Ich möchte alle interessierten DoktorandInnen auf diese Veranstaltung hinweisen und ermutigen, unter Bezugnahme auf den beiliegenden Call for Papers Vorschläge einzusenden.

Diese können englisch oder deutsch abfgefasst sein; die Tagungssprache ist englisch.

Bei Annahme der Abstracts erfolgt eine Übernahme der Reisekosten.

Deadline für Einreichung des Abstracts: 10.04.2014

CFP: Making knowledge public in early modern Europe: a discussion on actors, theory, methods with Paul Nelles (Carleton University) and Thomas Wallnig (University of Vienna)

The seminar aims at bringing together a group of PhD researchers interested in the history of scholarship, of the written culture, and cultural institutions to discuss problems related to the ordering and circulation of knowledge in the early modern period. The workshop seeks to address problems bearing upon the relationship between sites of knowledge (libraries, universities, print houses, botanical gardens, cabinets of curiosity), the exercise of power (patronage, propaganda, censorship), and the mobility of knowledge (media, networks, modes of transmission). In particular, the workshop will address the various methodological problems that arise in attempting to reconstruct the history of cultural practices.

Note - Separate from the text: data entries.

(* Let $(Y,\nu,S)$ be a mixing Gibbs system with $Y\subseteq A^{\mathbb{Z}}$, and let $\mathcal{P}$ be the time-zero partition of $Y$ (by the value of the coordinate $y_0$). Then for every integer $p\ge0$, \[\sup_{N\ge1}\mathrm{I}_\nu\big(\mathcal{P}^{[-p;N+p)};\mathcal{P}^{[-N-p;p)}\big)<\infty.\]
   Context: A mixing Gibbs system: $A$ finite, $Y\subseteq A^{\mathbb{Z}}$ a topologically mixing subshift of finite type, $S$ the left shift, and $\nu$ the Gibbs measure associated to a Hölder continuous potential on $Y$ (Hölder w.r.t. $d(a,a')=\sum_n2^{-|n|}1_{\{a_n\ne a'_n\}}$). For $F\subseteq\mathbb{Z}$ finite, $\mathcal{P}^F=\bigvee_{n\in F}S^{-n}\mathcal{P}$; $[a;b)=\{a,\dots,b-1\}$. $\mathrm{I}_\nu$ denotes mutual information of partitions. *)

From Stdlib Require Import Reals Lra Lia ZArith Arith List.
Import ListNotations.
Open Scope R_scope.

(* The finite alphabet A is {0,...,k-1} (symbols are nats < k).
   A configuration is a map Z -> nat. *)
Definition config := Z -> nat.

Definition shiftn (j : nat) (y : config) : config := fun n => y (n + Z.of_nat j)%Z.

Definition matches (y : config) (a : Z) (w : list nat) : Prop :=
  forall j : nat, (j < length w)%nat -> y (a + Z.of_nat j)%Z = nth j w 0%nat.

Definition SFT (k : nat) (forb : list (list nat)) (y : config) : Prop :=
  (forall n, (y n < k)%nat) /\
  forall (n : Z) (w : list nat), In w forb -> ~ matches y n w.

(* topological mixing, tested on the basis of cylinder sets *)
Definition top_mixing (Y : config -> Prop) : Prop :=
  forall u v : list nat,
    (exists y, Y y /\ matches y 0 u) ->
    (exists y, Y y /\ matches y 0 v) ->
    exists M : nat, forall n : nat, (M <= n)%nat ->
      exists y, Y y /\ matches y 0 u /\ matches y (Z.of_nat n) v.

Definition lsum {T} (f : T -> R) (l : list T) : R := fold_right Rplus 0 (map f l).

Fixpoint words (n k : nat) : list (list nat) :=
  match n with
  | O => [[]]
  | S n' => flat_map (fun a => map (cons a) (words n' k)) (seq 0 k)
  end.

Definition dpart (y y' : config) (N : nat) : R :=
  lsum (fun i : nat =>
          let n := (Z.of_nat i - Z.of_nat N)%Z in
          (/ 2) ^ (Z.abs_nat n) * (if Nat.eqb (y n) (y' n) then 0 else 1))
       (seq 0 (2 * N + 1)).

(* phi is Hoelder continuous on Y w.r.t. d  (d y y' = lim_N dpart y y' N) *)
Definition Holder_on (Y : config -> Prop) (phi : config -> R) : Prop :=
  exists C alpha : R, 0 < alpha /\
    forall (y y' : config) (l : R), Y y -> Y y' -> Un_cv (dpart y y') l ->
      Rabs (phi y - phi y') <= C * Rpower l alpha.

(* By Kolmogorov extension, a shift-invariant Borel probability measure nu on
   A^Z is the same thing as its cylinder function
      mu w = nu { y : y_{a+j} = w_j, j < |w| }   (independent of a),
   subject to normalisation and consistency. *)
Record inv_prob (k : nat) (mu : list nat -> R) : Prop := {
  ip_nonneg : forall w, 0 <= mu w;
  ip_one    : mu [] = 1;
  ip_right  : forall w, mu w = lsum (fun a => mu (w ++ [a])) (seq 0 k);
  ip_left   : forall w, mu w = lsum (fun a => mu (a :: w)) (seq 0 k)
}.

Definition supported_on (Y : config -> Prop) (mu : list nat -> R) : Prop :=
  forall w, ~ (exists y, Y y /\ matches y 0 w) -> mu w = 0.

Definition init_word (y : config) (n : nat) : list nat :=
  map (fun j => y (Z.of_nat j)) (seq 0 n).

Definition birkhoff (phi : config -> R) (n : nat) (y : config) : R :=
  lsum (fun j => phi (shiftn j y)) (seq 0 n).

Definition Gibbs_for (Y : config -> Prop) (phi : config -> R) (mu : list nat -> R) : Prop :=
  exists P K : R, 0 < K /\
    forall (y : config) (n : nat), Y y -> (1 <= n)%nat ->
      / K * exp (- INR n * P + birkhoff phi n y) <= mu (init_word y n) /\
      mu (init_word y n) <= K * exp (- INR n * P + birkhoff phi n y).

Definition Gibbs_measure (k : nat) (Y : config -> Prop) (mu : list nat -> R) : Prop :=
  inv_prob k mu /\ supported_on Y mu /\
  exists phi, Holder_on Y phi /\ Gibbs_for Y phi mu.

(* Atoms of P^[a;a+m) are the cylinders {y : y_{a+j} = u_j, j<m}, u a word of
   length m over {0..k-1}.  The measure of the intersection of the atom u of
   P^[a;a+m) and the atom v of P^[c;c+m') is the sum of the measures of the
   atoms of P^[lo;hi) (lo,hi the hull of both intervals) contained in it. *)
Definition word_atb (w : list nat) (off : nat) (u : list nat) : bool :=
  forallb (fun j => Nat.eqb (nth (off + j) w 0%nat) (nth j u 0%nat)) (seq 0 (length u)).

We will thus seek to critically evaluate the various actors and agents involved in the production and circulation of knowledge in the early modern world, and explore the role of archives of knowledge in the same time (correspondence, travel journals, notes, catalogues, etc.). Finally we would like to investigate the relationship between the object of historical knowledge (individuals, institutions, practices) and the scale of analysis. What kinds of histories are we able to write in regard to different forms of evidence? What results are obtained when different perspectives intersect and different methodologies are combined?

Paul Nelles is associate Professor at Carleton University and is a specialist in the history of Renaissance knowledge and its organisation. He is now in Europea for a sabbatical year, between Madrid and the Vatican Library, in order to finalizing a project on the Tipografia Vaticana and the communication in the first years of the Society of Jesus (tentative title The Information Order: Writing, Mobility and Distance in the Making of the Society of Jesus). Among his publications Seeing and Writing: the Art of Observation in the Early Jesuit Missions.”, in “Intellectual History Review. Special issue: Note-taking and Notebooks from Da Vinci to Darwin, ed by Ann Blair and Richard Yeo, Vol. 20, Issue 3, 2010) e The Library as an Instrument of Discovery: Gabriel Naudé and the Uses of History." In History and the Disciplines: The Reclassification of Knowledge in Early Modern Europe, ed. by Donald R. Kelley. Rochester UP, 1997).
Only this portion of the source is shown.